Inarpa: quando l’estate sale in montagna
Ogni anno, tra la fine della primavera e l’inizio dell’estate, le mandrie valdostane risalgono verso gli alpeggi in un movimento antico chiamato Inarpa.
Per gli allevatori è l’inizio della stagione d’alpeggio. Per gli animali, il ritorno ai prati ricchi di essenze spontanee che caratterizzano la montagna alpina. Per chi osserva questo lento trasferimento lungo sentieri e strade di montagna è il segno che l’estate è davvero arrivata.

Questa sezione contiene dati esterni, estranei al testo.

(* Suppose $X$ has well-defined scattered $\Pi_1$-products. If $A$ is a homotopy cut-set for paths $\alpha,\beta:[0,1]\to X$, then there is a homotopy cut-set $B\subseteq A$ for $\alpha$ and $\beta$ such that $\alpha(B\cap(0,1))=\beta(B\cap(0,1))\subseteq\mathbf{aw}(X)$.
   Context: $\simeq$ is path-homotopy. A loop is trivial if path-homotopic to a constant loop. A sequence of loops $\alpha_n$ based at $x$ is a null-sequence if every neighborhood of $x$ contains $\alpha_n([0,1])$ for all but finitely many $n$. $\mathbf{aw}(X)=\{x\in X\mid \text{there is a null-sequence of non-trivial loops based at }x\}$. For paths $\alpha,\beta:[s,t]\to X$, a set $A\subseteq[s,t]$ is a homotopy cut-set for $\alpha,\beta$ if $A$ is closed, nowhere dense, contains $\{s,t\}$, $\alpha|_A=\beta|_A$, and $\alpha|_{[a,b]}\simeq\beta|_{[a,b]}$ for every component $(a,b)$ of $[s,t]\setminus A$. $X$ has well-defined scattered $\Pi_1$-products if any two paths $[0,1]\to X$ that admit a scattered homotopy cut-set are path-homotopic. *)

From Stdlib Require Import Reals.
Open Scope R_scope.

Record TopSpace := {
  pt :> Type;
  is_open : (pt -> Prop) -> Prop;
  open_full : is_open (fun _ => True);
  open_inter : forall U V, is_open U -> is_open V -> is_open (fun x => U x /\ V x);
  open_union : forall (F : (pt -> Prop) -> Prop),
      (forall U, F U -> is_open U) -> is_open (fun x => exists U, F U /\ U x)
}.

Definition cont_on {X : TopSpace} (f : R -> X) (D : R -> Prop) : Prop :=
  forall U, is_open X U -> forall x, D x -> U (f x) ->
    exists d, 0 < d /\ forall y, D y -> Rabs (y - x) < d -> U (f y).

L’Inarpa rappresenta la fase ascendente della transumanza, una pratica che per secoli ha scandito la vita delle comunità alpine. Bovini e caprini vengono condotti verso pascoli sempre più elevati seguendo la crescita stagionale dell’erba.

La salita verso gli alpeggi non risponde soltanto a una tradizione. Con l’aumentare delle temperature, i prati di quota offrono un’alimentazione diversa rispetto a quella disponibile nel fondovalle. Accanto alle graminacee crescono trifoglio alpino, trifoglio bianco, ginestrino, piantaggine, dente di leone, alchemilla e numerose altre specie che contribuiscono alla ricchezza botanica delle praterie alpine.
Questo cambiamento si riflette anche nel latte. Non tutte queste piante trasferiscono direttamente il proprio aroma al formaggio, ma influenzano la composizione del latte e il profilo aromatico delle produzioni casearie.
L’alpeggio
L’alpeggio non produce soltanto latte e formaggi. La presenza degli animali contribuisce a mantenere aperti i pascoli, limitando l’avanzata di arbusti e bosco e preservando quei prati che da secoli caratterizzano il paesaggio.

La stagione dell’alpeggio coincide anche con uno dei momenti più importanti per la produzione casearia valdostana. Sebbene le DOP regionali siano soltanto due, la Fontina e il Fromadzo, la varietà dei formaggi prodotti in Valle d’Aosta è molto più ampia.
Nei negozi e nelle cooperative del fondovalle, dove confluisce il lavoro svolto negli alpeggi durante l’estate, è possibile trovare Bleu d’Aoste, Reblec, Toma di Gressoney, gorgonzola di capra, numerose tome di valle e una grande varietà di formaggi affinati e stagionati in quota.
I formaggi d’alpeggio rappresentano una delle espressioni più dirette della stagione estiva: il risultato di latte prodotto durante i mesi di pascolo e di aromi speciali catturati nei prati.
Oggi, però, la vita d’alpeggio è molto diversa da quella raccontata nelle immagini bucoliche. La giornata può iniziare alle 4.30 del mattino con la mungitura, spesso ancora eseguita a mano in alcune realtà. Poi bisogna portare gli animali al pascolo, controllare recinti e abbeveratoi, gestire il caseificio e mungere nuovamente la sera.
A fine giornata resta il tempo per una cena frugale e qualche ora di sonno. Il giorno successivo si ricomincia. Per questo motivo il ricambio generazionale rappresenta una delle principali sfide dell’allevamento di montagna: accanto a giovani che scelgono consapevolmente questa vita, sempre meno persone sono disposte ad accettarne i ritmi e le rinunce.
L’Inarpa continua ancora oggi a ripetersi ogni estate, lontano dai riflettori e dalle brochure turistiche.
Se un giorno gli alpeggi dovessero scomparire, non perderemmo soltanto un paesaggio. Sparirebbero anche quei formaggi che ancora oggi raccontano la natura delle montagne valdostane.